Frequency Typically paid on a regular payroll schedule (monthly, bi‑weekly). Can be paid at any interval—monthly, quarterly, annually, or as a special one‑off distribution.

How salaries affect corporate and personal tax

  1. Expense deduction – Paying a salary lowers the company’s taxable profit, which can reduce corporate tax liability.
  2. Personal tax – The salary is added to the individual’s taxable income and may push the taxpayer into a higher marginal rate.
  3. Social contributions – Most jurisdictions levy payroll taxes, pension contributions, or other social charges on earned income, which can be a significant additional cost.
  4. Tax‑free jurisdictions – In places such as the UAE, Oman, and Qatar there is no personal income tax, so a salary incurs no personal tax, though corporate tax rules still apply.

Dividend taxation

  • Dividends are drawn from after‑tax earnings, so the company’s corporate tax has already been paid.
  • In many countries dividends are taxed at a lower rate than ordinary income, often as a long‑term capital gains rate.
  • Some jurisdictions apply a single‑imputation or no‑tax‑on‑dividends system, meaning shareholders receive the dividend tax‑free if the company has already paid corporate tax (e.g., Singapore, Hong Kong).
  • Because dividends are not considered earned income, social contributions are typically not levied on them.

United States example

  • Federal corporate tax: 21 %
  • Top personal income tax rate: 37 %
  • Qualified dividend tax rate: up to 20 % (plus a 3.8 % net‑investment income surcharge).
    Thus, a dividend is effectively taxed on the remaining 80 % of after‑corporate‑tax profit, yielding a lower overall rate than the top personal rate.

Country‑specific considerations

  • Bulgaria – Flat 10 % tax on both corporate profit and personal income. Dividends are taxed at 5 %, giving an effective combined rate of 14 % (10 % + 5 %).
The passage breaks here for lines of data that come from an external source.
Lemma l2normZ a F : l2norm (fun i => a * F i) = `|a| * l2norm F.
Proof.
rewrite /l2norm -sqrtr_sqr -sqrtrM ?sqr_ge0 // mulr_sumr.
by congr Num.sqrt; apply: eq_bigr => i _; rewrite exprMn.
Qed.

Lemma eq_l2norm F G : F =1 G -> l2norm F = l2norm G.
Proof. by move=> FG; rewrite /l2norm; congr Num.sqrt; apply: eq_bigr => i _; rewrite FG. Qed.

End EuclideanNorm.

Section Frobenius.
Context {R : realType} {nu nx H : nat}.
Implicit Types X Y G : Mtype R nu nx H.

Definition mx_entries X (p : 'I_H * 'I_nu * 'I_nx) : R := X p.1.1 p.1.2 p.2.

Lemma frobE X : frob X = l2norm (mx_entries X).
Proof. by rewrite /frob /l2norm !pair_bigA. Qed.

Lemma frob_innerE G X : frob_inner G X = \sum_p mx_entries G p * mx_entries X p.
Proof. by rewrite /frob_inner !pair_bigA. Qed.

Lemma mx_entriesD X Y p : mx_entries (X + Y) p = mx_entries X p + mx_entries Y p.
Proof. by rewrite /mx_entries !ffunE !mxE. Qed.

Lemma mx_entriesZ a X p : mx_entries (a *: X) p = a * mx_entries X p.
Proof. by rewrite /mx_entries !ffunE !mxE. Qed.

Lemma frob_ge0 X : 0 <= frob X.
Proof. exact: sqrtr_ge0. Qed.

Lemma frob0 : frob (0 : Mtype R nu nx H) = 0.
Proof.
rewrite frobE /l2norm big1 ?sqrtr0 // => p _.
by rewrite /mx_entries !ffunE !mxE expr0n.
Qed.

Lemma frobD X Y : frob (X + Y) <= frob X + frob Y.
Proof.
rewrite !frobE (@eq_l2norm _ _ _ (fun p => mx_entries X p + mx_entries Y p)).
  exact: l2normD.
exact: mx_entriesD.
Qed.

Lemma frobZ a X : frob (a *: X) = `|a| * frob X.
Proof. by rewrite !frobE -l2normZ; apply: eq_l2norm => p; exact: mx_entriesZ. Qed.

Lemma frobN X : frob (- X) = frob X.
Proof. by rewrite -scaleN1r frobZ normrN normr1 mul1r. Qed.

Lemma frobC X Y : frob (X - Y) = frob (Y - X).
Proof. by rewrite -frobN opprB. Qed.

Lemma frob_innerC G X : frob_inner G X = frob_inner X G.
Proof. by rewrite !frob_innerE; apply: eq_bigr => p _; rewrite mulrC. Qed.

Lemma frob_innerDr G X Y :
  frob_inner G (X + Y) = frob_inner G X + frob_inner G Y.
Proof.
by rewrite !frob_innerE -big_split; apply: eq_bigr => p _; rewrite mx_entriesD mulrDr.
Qed.

Lemma frob_innerZr a G X : frob_inner G (a *: X) = a * frob_inner G X.
Proof.
by rewrite !frob_innerE mulr_sumr; apply: eq_bigr => p _; rewrite mx_entriesZ mulrCA.
Qed.

Lemma frob_innerBr G X Y :
  frob_inner G (X - Y) = frob_inner G X - frob_inner G Y.
Proof. by rewrite frob_innerDr -scaleN1r frob_innerZr mulN1r. Qed.

Lemma frob_sqr X : frob X ^+ 2 = frob_inner X X.
Proof. by rewrite frobE l2norm_sqr frob_innerE; apply: eq_bigr => p _; rewrite expr2. Qed.

Lemma frob_sqrD X Y :
  frob (X + Y) ^+ 2 = frob X ^+ 2 + 2 * frob_inner X Y + frob Y ^+ 2.
Proof.
rewrite !frob_sqr frob_innerDr !(frob_innerC (X + Y)) !frob_innerDr (frob_innerC Y X).
ring.
Qed.

Lemma frob_sqrB X Y :
  frob (X - Y) ^+ 2 = frob X ^+ 2 - 2 * frob_inner X Y + frob Y ^+ 2.
Proof. by rewrite frob_sqrD frobN -scaleN1r frob_innerZr; ring. Qed.

End Frobenius.

Section OperatorNorm.
Context {R : realType}.

Lemma vnormE {n} (x : 'cV[R]_n) : vnorm x = l2norm (fun i => x i 0).
Proof. by []. Qed.

Lemma vnorm_ge0 {n} (x : 'cV[R]_n) : 0 <= vnorm x.
Proof. exact: sqrtr_ge0. Qed.

Lemma vnorm0 {n} : vnorm (0 : 'cV[R]_n) = 0.
Proof. by rewrite /vnorm big1 ?sqrtr0 // => i _; rewrite mxE expr0n. Qed.

Lemma vnormD {n} (x y : 'cV[R]_n) : vnorm (x + y) <= vnorm x + vnorm y.
Proof.
rewrite !vnormE (@eq_l2norm _ _ _ (fun i => x i 0 + y i 0)); first exact: l2normD.
by move=> i; rewrite mxE.
Qed.

Lemma vnormZ {n} a (x : 'cV[R]_n) : vnorm (a *: x) = `|a| * vnorm x.
Proof. by rewrite !vnormE -l2normZ; apply: eq_l2norm => i; rewrite mxE. Qed.

Lemma vnorm_mul_le_frobenius {m n} (M : 'M[R]_(m, n)) (x : 'cV[R]_n) :
  vnorm x <= 1 -> vnorm (M *m x) <= Num.sqrt (\sum_i \sum_j M i j ^+ 2).
Proof.
move=> x1; apply: ler_wsqrtr; apply: ler_sum => i _; rewrite mxE.
apply: le_trans (sum_mul_sqr_le (fun j => M i j) (fun j => x j 0)) _.
rewrite -[X in _ * X]l2norm_sqr -vnormE -[leRHS]mulr1 ler_wpM2l ?sum_sqr_ge0 //.
by rewrite -(expr1n _ 2) ler_pXn2r // ?nnegrE ?vnorm_ge0.
Qed.

Lemma vnorm_mul_le_opnorm {m n} (M : 'M[R]_(m, n)) (x : 'cV[R]_n) :
  vnorm x <= 1 -> vnorm (M *m x) <= opnorm M.
Proof.
move=> x1; apply: ub_le_sup; last by exists x.
exists (Num.sqrt (\sum_i \sum_j M i j ^+ 2)) => _ [y y1 <-].
exact: vnorm_mul_le_frobenius.
Qed.

Lemma opnorm_ge0 {m n} (M : 'M[R]_(m, n)) : 0 <= opnorm M.
Proof. by rewrite -(@vnorm0 m) -(mulmx0 _ M) vnorm_mul_le_opnorm // vnorm0. Qed.

Lemma opnorm_le {m n} (M : 'M[R]_(m, n)) b :
  (forall x : 'cV[R]_n, vnorm x <= 1 -> vnorm (M *m x) <= b) -> opnorm M <= b.
Proof.
move=> Mb; apply: ge_sup; first by exists (vnorm (M *m 0)), 0; rewrite //= vnorm0.
by move=> _ [x x1 <-]; exact: Mb.
Qed.

Lemma opnorm_lincomb_le {m n} a b (P Q : 'M[R]_(m, n)) :
  opnorm (a *: P + b *: Q) <= `|a| * opnorm P + `|b| * opnorm Q.
Proof.
apply: opnorm_le => x x1; rewrite mulmxDl -!scalemxAl.
apply: le_trans (vnormD _ _) _; rewrite !vnormZ.
by apply: lerD; apply: ler_wpM2l; rewrite ?normr_ge0 ?vnorm_mul_le_opnorm.
Qed.

Lemma sum_sqr_le_opnorm {m n} (X : 'M[R]_(m, n)) :
  \sum_i \sum_j X i j ^+ 2 <= n%:R * opnorm X ^+ 2.
Proof.
rewrite exchange_big /=.
have -> : n%:R * opnorm X ^+ 2 = \sum_(j < n) opnorm X ^+ 2.
  by rewrite sumr_const card_ord mulr_natl.
apply: ler_sum => j _.
have e_j1 : vnorm (delta_mx j 0 : 'cV[R]_n) = 1.
  rewrite /vnorm (bigD1 j) //= big1 ?addr0 ?mxE ?eqxx ?expr1n ?sqrtr1 //.
  by move=> i /negbTE ij; rewrite mxE ij expr0n.
have := vnorm_mul_le_opnorm X (delta_mx j 0).
rewrite e_j1 lexx -colE => /(_ isT) col_le.
have -> : \sum_i X i j ^+ 2 = vnorm (col j X) ^+ 2.
  by rewrite /vnorm sqr_sqrtr ?sum_sqr_ge0 //; apply: eq_bigr => i _; rewrite mxE.
by rewrite ler_pXn2r // ?nnegrE ?vnorm_ge0 ?opnorm_ge0.
Qed.

Lemma opnormC_ge0 {m n} (M : 'M[R[i]]_(m, n)) : 0 <= opnormC M.
Proof.
rewrite /opnormC.
set S := [set vnormC (M *m x) | x in [set x : 'cV[R[i]]_n | vnormC x <= 1]]%classic.
have [supS|/sup_out ->] := pselect (has_sup S); last by [].
have vnormC0 k : vnormC (0 : 'cV[R[i]]_k) = 0.
  by rewrite /vnormC big1 ?sqrtr0 // => i _; rewrite mxE /cabs2 /= expr0n addr0.
rewrite -(vnormC0 m) -(mulmx0 _ M); apply: (ub_le_sup supS.2).
by exists 0; rewrite //= vnormC0.
Qed.

End OperatorNorm.

Lemma strongly_stable_gamma {R : realType} {nx nu} {A : 'M[R]_nx} {B : 'M[R]_(nx, nu)}
    {K : 'M[R]_(nu, nx)} {kappa gamma : R} :
  strongly_stable A B K kappa gamma -> 0 < gamma <= 1.
Proof.
by case=> g0 [P [Q [_ _ [P_le _ _ _]]]]; have := opnormC_ge0 P; rewrite g0 /=; lra.
Qed.

Ltac mtype_ring := apply/ffunP => ?; apply/matrixP => ? ?; rewrite !ffunE !mxE; ring.

Lemma le0_of_le_mul_small {R : realType} (p q : R) : 0 <= q ->
  (forall a, 0 < a <= 1 -> 2 * p <= a * q) -> p <= 0.
Proof.
move=> q0 small; rewrite leNgt; apply/negP => p0.
have pq : 0 < p + q by lra.
have a01 : 0 < p / (p + q) <= 1 by rewrite divr_gt0 //= ler_pdivrMr // mul1r; lra.
have := small _ a01.
have : p / (p + q) * q <= p by rewrite mulrAC ler_pdivrMr // ler_pM2l //; lra.
lra.
Qed.

Lemma geom_sum_sqr_le {R : realType} n (gamma : R) : 0 < gamma <= 1 ->
  gamma ^+ 2 * \sum_(i < n) ((1 - gamma) ^+ 2) ^+ i <= 1.
Proof.
move=> /andP[g0 g1]; set q := (1 - gamma) ^+ 2.
have q0 : 0 <= q := sqr_ge0 _.
have sum_ge0 : 0 <= \sum_(i < n) q ^+ i by apply: sumr_ge0 => i _; exact: exprn_ge0.
have geom : (1 - q) * \sum_(i < n) q ^+ i = 1 - q ^+ n.
  by rewrite -[1 - q]opprB mulNr -subrX1 opprB.
have : (1 - q) * \sum_(i < n) q ^+ i <= 1 by rewrite geom lerBlDr lerDl exprn_ge0.
apply: le_trans; apply: ler_wpM2r => //; rewrite /q; nra.
Qed.

Section ConstraintSet.
Context {R : realType} {nx nu H : nat}.
Context {B : 'M[R]_(nx, nu)} {kappa gamma : R}.
Implicit Types X Y M P Q : Mtype R nu nx H.
Local Notation inM := (inMset B kappa gamma).

Lemma inMset_convex P Q a : 0 <= a <= 1 -> inM P -> inM Q -> inM (a *: P + (1 - a) *: Q).
Proof.
move=> /andP[a0 a1] hP hQ i; rewrite !ffunE.
apply: le_trans (opnorm_lincomb_le _ _ _ _) _.
rewrite ger0_norm // ger0_norm ?subr_ge0 //.
apply: le_trans (lerD (ler_wpM2l a0 (hP i)) (ler_wpM2l _ (hQ i))) _; first lra.
by rewrite -mulrDl addrC subrK mul1r.
Qed.

Lemma proj_inner_le0 {X Y} M : is_proj B kappa gamma X Y -> inM M ->
  frob_inner (X - Y) (M - Y) <= 0.
Proof.
move=> [inY Ymin] inMM; apply: le0_of_le_mul_small (sqr_ge0 (frob (M - Y))) _.
move=> a /andP[a0 a1]; have a01 : 0 <= a <= 1 by rewrite (ltW a0).
have := Ymin _ (inMset_convex M Y a a01 inMM inY).
have -> : X - (a *: M + (1 - a) *: Y) = (X - Y) + (- a) *: (M - Y) by mtype_ring.
rewrite -ler_sqr ?nnegrE ?frob_ge0 // (frob_sqrD (X - Y)) frobZ frob_innerZr exprMn normrN.
by rewrite real_normK ?num_real //; nra.
Qed.

Lemma proj_frob_le {X Y} M : is_proj B kappa gamma X Y -> inM M ->
  frob (Y - M) <= frob (X - M).
Proof.
move=> XY inMM; have obtuse := proj_inner_le0 M XY inMM.
have -> : X - M = (X - Y) - (M - Y) by mtype_ring.
rewrite -ler_sqr ?nnegrE ?frob_ge0 // (frob_sqrB (X - Y)) (frobC Y M).
by have := sqr_ge0 (frob (X - Y)); lra.
Qed.

Lemma inMset_sub_opnorm_le {P Q} (i : 'I_H) : inM P -> inM Q ->
  opnorm ((P - Q) i) <= 4 * (kappaB B * kappa ^+ 3) * (1 - gamma) ^+ i.
Proof.
move=> inP inQ; rewrite !ffunE -scaleN1r -[P i]scale1r.
apply: le_trans (opnorm_lincomb_le _ _ _ _) _.
by rewrite normrN normr1 !mul1r; have := inP i; have := inQ i; lra.
Qed.

Lemma inMset_diameter {P Q} : 0 < gamma <= 1 -> inM P -> inM Q ->
  frob (P - Q) ^+ 2 <=
  (4 * kappaB B * kappa ^+ 3 * Num.sqrt (maxn nx nu)%:R / gamma) ^+ 2.
Proof.
move=> g01 inP inQ; have [g0 _] := andP g01.
set c := kappaB B * kappa ^+ 3; set q := (1 - gamma) ^+ 2.
have -> : (4 * kappaB B * kappa ^+ 3 * Num.sqrt (maxn nx nu)%:R / gamma) ^+ 2
    = 16 * c ^+ 2 * (maxn nx nu)%:R / gamma ^+ 2.
  by rewrite /c expr_div_n !exprMn sqr_sqrtr //; congr (_ / _); ring.
have frob_le : frob (P - Q) ^+ 2 <= 16 * c ^+ 2 * nx%:R * \sum_(i < H) q ^+ i.
  rewrite /frob sqr_sqrtr; last by do 2![apply: sumr_ge0 => ? _]; exact: sum_sqr_ge0.
  rewrite mulr_sumr; apply: ler_sum => i _; apply: le_trans (sum_sqr_le_opnorm _) _.
  have opn := inMset_sub_opnorm_le i inP inQ.
  have sq_le : opnorm ((P - Q) i) ^+ 2 <= (4 * c * (1 - gamma) ^+ i) ^+ 2.
    by rewrite ler_pXn2r ?nnegrE ?opnorm_ge0 // (le_trans (opnorm_ge0 _) opn).
  apply: le_trans (ler_wpM2l (ler0n _ nx) sq_le) _.
  by rewrite /q -exprM mulnC exprM le_eqVlt; apply/orP; left; apply/eqP; ring.
apply: le_trans frob_le _; rewrite ler_pdivlMr ?exprn_gt0 //.
have geom := geom_sum_sqr_le H gamma g01; rewrite -/q in geom.
have c16 : 0 <= 16 * c ^+ 2 by rewrite mulr_ge0 ?sqr_ge0.
apply: (@le_trans _ _ (16 * c ^+ 2 * nx%:R)).
  rewrite [leLHS](_ : _ = 16 * c ^+ 2 * nx%:R * (gamma ^+ 2 * \sum_(i < H) q ^+ i)).
    by rewrite -[leRHS]mulr1; apply: ler_wpM2l => //; exact: mulr_ge0.
  by ring.
by apply: ler_wpM2l => //; rewrite ler_nat leq_maxl.
Qed.

End ConstraintSet.

Section SurrogateCost.
Context {R : realType} {nx nu H : nat}.
Context {A : 'M[R]_nx} {B : 'M[R]_(nx, nu)} {K : 'M[R]_(nu, nx)}
  {w : int -> 'cV[R]_nx} {c : int -> 'cV[R]_nx * 'cV[R]_nu -> R}.
Implicit Types X Y : Mtype R nu nx H.

Lemma Fsur_eq_window (t : nat) (N N' : int -> Mtype R nu nx H) :
  (forall s : int, s < 0 -> w s = 0) ->
  (forall s : int, 0 <= s -> t%:Z - 1 - H%:Z <= s <= t%:Z -> N s = N' s) ->
  Fsur A B K w c t N = Fsur A B K w c t N'.
Proof.
move=> w_neg NN'; rewrite /Fsur /vsur.
have -> : ysur A B K w N t = ysur A B K w N' t.
  apply: eq_bigr => i _; have [it|ti] := ltnP i t.
    congr (_ *m _); congr (_ + _); apply: eq_bigr => j _.
    case: ifP => // /andP[ji _]; have jH := ltn_ord j; rewrite NN' //; lia.
  (* for i >= t the factor w_{t-1-i} vanishes, so no M_s with s < 0 is read *)
  by rewrite w_neg ?mulmx0 //; lia.
by rewrite NN' //; lia.
Qed.

Lemma Mcomp_lincomb a b X Y k :
  Mcomp (a *: X + b *: Y) k = a *: Mcomp X k + b *: Mcomp Y k.
Proof.
by rewrite /Mcomp; case: insub => [i|]; [rewrite !ffunE | rewrite !scaler0 addr0].
Qed.

Lemma Psi_affine a b X Y t h i : a + b = 1 ->
  Psi A B K (fun _ => a *: X + b *: Y) t h i =
  a *: Psi A B K (fun _ => X) t h i + b *: Psi A B K (fun _ => Y) t h i.
Proof.
move=> ab; rewrite /Psi !scalerDr addrACA -scalerDl ab scale1r.
rewrite !scaler_sumr -big_split; congr (_ + _); apply: eq_bigr => j _.
case: ifP => _; first by rewrite Mcomp_lincomb mulmxDr !scalemxAr.
by apply/esym; rewrite !scaler0; exact: addr0.
Qed.

Lemma ysur_affine a b X Y t : a + b = 1 ->
  ysur A B K w (fun _ => a *: X + b *: Y) t =
  a *: ysur A B K w (fun _ => X) t + b *: ysur A B K w (fun _ => Y) t.
Proof.
move=> ab; rewrite /ysur !scaler_sumr -big_split; apply: eq_bigr => i _.
by rewrite Psi_affine // mulmxDl !scalemxAl.
Qed.

Lemma vsur_affine a b X Y t : a + b = 1 ->
  vsur A B K w (fun _ => a *: X + b *: Y) t =
  a *: vsur A B K w (fun _ => X) t + b *: vsur A B K w (fun _ => Y) t.
Proof.
move=> ab; rewrite /vsur ysur_affine // mulmxDr -!scalemxAr opprD !scalerDr !scalerN.
rewrite addrACA; congr (_ + _); rewrite !scaler_sumr -big_split; apply: eq_bigr => i _.
by rewrite !ffunE mulmxDl -!scalemxAl.
Qed.

Lemma fsur_convex t : convex_fun (c t) -> convex_fun (fsur A B K w c t : Mtype R nu nx H -> R).
Proof.
move=> ct_convex X Y a a01.
rewrite /fsur /Fsur ysur_affine ?vsur_affine ?subrKC //.
exact: (ct_convex (ysur A B K w (fun _ => X) t, vsur A B K w (fun _ => X) t)
                  (ysur A B K w (fun _ => Y) t, vsur A B K w (fun _ => Y) t)).
Qed.

End SurrogateCost.
(* Let $(B',\boldsymbol y',\boldsymbol z',\boldsymbol q',\boldsymbol a')$ be the mutation of a groupoid seed $(B,\boldsymbol y,\boldsymbol z,\boldsymbol q,\boldsymbol a)$ in direction $k$ with sign $\varepsilon\in\{\pm1\}$. Write $\beta$ for the action of $(B,\boldsymbol y,\boldsymbol z,\boldsymbol q,\boldsymbol a)$ and $\beta'$ for the action of $(B',\boldsymbol y',\boldsymbol z',\boldsymbol q',\boldsymbol a')$. Then for every $1\le i\le n$, $\beta'(y'_i)=\beta(y'_i)$, where $\beta(y'_i)$ means the expression for $y'_i$ in terms of $\boldsymbol y$ with each $y_j$ replaced by $\beta(y_j)$. Equivalently, the seed $(B',\beta'\boldsymbol y',\boldsymbol z')$ is the mutation in direction $k$ of the seed $(B,\beta\boldsymbol y,\boldsymbol z)$.
   Context: Fix positive integers $n$ and $d_1,\dots,d_n$. A seed over $\mathbb R_{>0}$ is a triple $(B,\boldsymbol y,\boldsymbol z)$: $B=(b_{ij})$ an $n\times n$ integer matrix with a fixed diagonal $R=\mathrm{diag}(r_1,\dots,r_n)$, $r_i\in\mathbb Z_{>0}$, such that $RB$ is skew-symmetric; $\boldsymbol y\in\mathbb R_{>0}^n$; $\boldsymbol z=(z_{i,s})_{1\le i\le n,1\le s\le d_i-1}$ with $z_{i,s}\in\mathbb R_{\ge0}$. Put $P_k(\alpha)=1+\sum_{s=1}^{d_k-1}z_{k,s}\alpha^s+\alpha^{d_k}$, and for $\varepsilon\in\{\pm1\}$, $P^\circ_k(\alpha)=P_k(\alpha^\varepsilon)\alpha^{\frac{1-\varepsilon}{2}d_k}$; $[a]_+=\max(a,0)$. Seed mutation in direction $k$ with sign $\varepsilon$: $b'_{ij}=-b_{ij}$ if $i=k$ or $j=k$, else $b'_{ij}=b_{ij}+[-\varepsilon b_{ik}d_k]_+b_{kj}+b_{ik}[\varepsilon d_kb_{kj}]_+$; $y'_k=y_k^{-1}$, $y'_i=y_iy_k^{[\varepsilon d_kb_{ki}]_+}P^\circ_k(y_k^\varepsilon)^{-b_{ki}}$ ($i\ne k$); $z'_{k,s}=z_{k,d_k-s}$, $z'_{i,s}=z_{i,s}$ ($i\ne k$). A groupoid seed is a quintuple $(B,\boldsymbol y,\boldsymbol z,\boldsymbol q,\boldsymbol a)$ with $(B,\boldsymbol y,\boldsymbol z)$ a seed over $\mathbb R_{>0}$, $\boldsymbol q=(q_1,\dots,q_n)\in\mathbb R^n$ and $\boldsymbol a=(a_{i,s})_{1\le i\le n,1\le s\le d_i-1}$ real. Its action is $\beta(y_j)=y_j\exp\big(\sum_{i=1}^n r_ib_{ij}y_iq_i\big)$, extended multiplicatively/compositionally to expressions in $\boldsymbol y$ (e.g. $\beta(y_k^\varepsilon)=\beta(y_k)^\varepsilon$); $\beta(B,\boldsymbol y,\boldsymbol z,\boldsymbol q,\boldsymbol a)=(B,\beta\boldsymbol y,\boldsymbol z)$. The mutation in direction $k$ with sign $\varepsilon$ is $(B',\boldsymbol y',\boldsymbol z',\boldsymbol q',\boldsymbol a')$ where $(B',\boldsymbol y',\boldsymbol z')$ is the seed mutation and $q'_k=-q_ky_k^2+\sum_{i'=1}^n[\varepsilon d_kb_{ki'}]_+q_{i'}y_{i'}y_k+\frac{y_k}{r_k}\log\frac{P^\circ_k(\beta(y_k)^\varepsilon)}{P^\circ_k(y_k^\varepsilon)}$, $q'_i=q_iy_k^{-[\varepsilon d_kb_{ki}]_+}P^\circ_k(y_k^\varepsilon)^{b_{ki}}$ ($i\ne k$), $a'_{k,s}=a_{k,d_k-s}+\frac{\varepsilon}{r_k}\int_{y_k^\varepsilon}^{\beta(y_k)^\varepsilon}\frac{u^{\varepsilon(d_k-s)-1}}{P_k(u^\varepsilon)}\,du$, $a'_{i,s}=a_{i,s}$ ($i\ne k$). *)

From Stdlib Require Import Reals ZArith.
From Coquelicot Require Import Coquelicot.
Open Scope R_scope.

(* Indices are 0-based: i ranges over 0..n-1 (paper: 1..n). *)

Fixpoint rsum (f : nat -> R) (m : nat) : R :=
  match m with
  | O => 0
  | S m' => rsum f m' + f m'
  end.

Definition posp (a : Z) : Z := Z.max a 0.

(* Groupoid seed (B, y, z, q, a); the diagonal R = diag(r) and the degrees d
   are fixed data passed separately. z i s and a i s are meaningful for
   1 <= s <= d i - 1. *)
Record GSeed := mkGSeed {
  gB : nat -> nat -> Z;
  gy : nat -> R;
  gz : nat -> nat -> R;
  gq : nat -> R;
  ga : nat -> nat -> R }.

Definition Ppoly (d : nat -> nat) (z : nat -> nat -> R) (k : nat) (al : R) : R :=
  1 + rsum (fun s => z k (S s) * al ^ (S s)) (d k - 1) + al ^ (d k).

Definition Pcirc (d : nat -> nat) (z : nat -> nat -> R) (k : nat) (eps : Z) (al : R) : R :=
  Ppoly d z k (powerRZ al eps) * powerRZ al (((1 - eps) / 2) * Z.of_nat (d k)).

Definition mut_B (d : nat -> nat) (B : nat -> nat -> Z) (k : nat) (eps : Z)
  (i j : nat) : Z :=
  if orb (Nat.eqb i k) (Nat.eqb j k) then (- B i j)%Z
  else (B i j + posp (- eps * B i k * Z.of_nat (d k)) * B k j
        + B i k * posp (eps * Z.of_nat (d k) * B k j))%Z.

Definition mut_y (d : nat -> nat) (B : nat -> nat -> Z) (y : nat -> R)
  (z : nat -> nat -> R) (k : nat) (eps : Z) (i : nat) : R :=
  if Nat.eqb i k then / y k
  else y i * powerRZ (y k) (posp (eps * Z.of_nat (d k) * B k i))
       * powerRZ (Pcirc d z k eps (powerRZ (y k) eps)) (- B k i).

Definition mut_z (d : nat -> nat) (z : nat -> nat -> R) (k : nat) (i s : nat) : R :=
  if Nat.eqb i k then z k (d k - s)%nat else z i s.

Definition action (n : nat) (r : nat -> Z) (S : GSeed) (j : nat) : R :=
  gy S j * exp (rsum (fun i => IZR (r i) * IZR (gB S i j) * gy S i * gq S i) n).

Definition mut_q (n : nat) (d : nat -> nat) (r : nat -> Z) (k : nat) (eps : Z)
  (S : GSeed) (i : nat) : R :=
  let B := gB S in let y := gy S in let z := gz S in let q := gq S in
  if Nat.eqb i k then
    - q k * (y k) ^ 2
    + rsum (fun i' => IZR (posp (eps * Z.of_nat (d k) * B k i')) * q i' * y i' * y k) n
    + (y k / IZR (r k)) *
        ln (Pcirc d z k eps (powerRZ (action n r S k) eps)
            / Pcirc d z k eps (powerRZ (y k) eps))
  else q i * powerRZ (y k) (- posp (eps * Z.of_nat (d k) * B k i))
       * powerRZ (Pcirc d z k eps (powerRZ (y k) eps)) (B k i).

Definition mut_a (n : nat) (d : nat -> nat) (r : nat -> Z) (k : nat) (eps : Z)
  (S : GSeed) (i s : nat) : R :=
  let y := gy S in
  if Nat.eqb i k then
    ga S k (d k - s)%nat
    + IZR eps / IZR (r k) *
      RInt (fun u => powerRZ u (eps * (Z.of_nat (d k) - Z.of_nat s) - 1)
                     / Ppoly d (gz S) k (powerRZ u eps))
           (powerRZ (y k) eps) (powerRZ (action n r S k) eps)
  else ga S i s.

Definition gmutate (n : nat) (d : nat -> nat) (r : nat -> Z) (k : nat) (eps : Z)
  (S : GSeed) : GSeed :=
  mkGSeed (mut_B d (gB S) k eps)
          (mut_y d (gB S) (gy S) (gz S) k eps)
          (mut_z d (gz S) k)
          (mut_q n d r k eps S)
          (mut_a n d r k eps S).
For low salaries, dividends may be cheaper; for high salaries, the 10 % salary tax plus capped social contributions can be more advantageous.
  • Canada – Passive income (e.g., dividends) may be taxed differently from active business income, influencing the choice between salary and dividend.
  • Denmark, Netherlands, other Scandinavia – Authorities closely audit the distinction between personal and business expenses; excessive personal expense claims can be re‑characterized as taxable benefits.
  • Hong Kong & Singapore – No dividend tax (or single‑imputation), making dividends an attractive way to extract profit without additional personal tax.
  • Poland, Brazil, Romania – Some regimes tax based on revenue rather than profit, reducing the relevance of profit‑lowering salary deductions.

Borrowing from your own company

  • Owners can take a loan from the business, but many jurisdictions treat an under‑market‑rate loan as a deemed distribution.
  • To avoid recharacterization, the loan must carry a fair‑market interest rate and be documented.
  • Rules differ: Denmark, the UK, Bulgaria, and others have specific thresholds and reporting requirements.

Practical tips for business owners

  • Assess corporate vs. personal rates – Compare the marginal corporate tax rate with your personal income tax and dividend rates in your jurisdiction.
  • Factor in social contributions – In high‑contribution countries, dividends may provide a sizable saving.
  • Consider cash‑flow needs – Salaries provide regular, predictable cash; dividends can be scheduled flexibly but depend on retained earnings.
  • Plan for deferral – Leaving profits inside the company can defer personal tax and allow reinvestment, but be aware of passive‑income rules (e.g., Canada).
  • Document loans properly – Use market‑rate terms and maintain clear records to prevent tax authorities from treating the loan as a hidden dividend.
  • Watch expense limits – Personal expenses claimed as business costs may be disallowed, especially in jurisdictions with strict audit regimes.

By evaluating corporate structures, local tax rates, and the impact of social contributions, owners can tailor a compensation mix that minimizes overall tax liability while meeting personal cash‑flow requirements.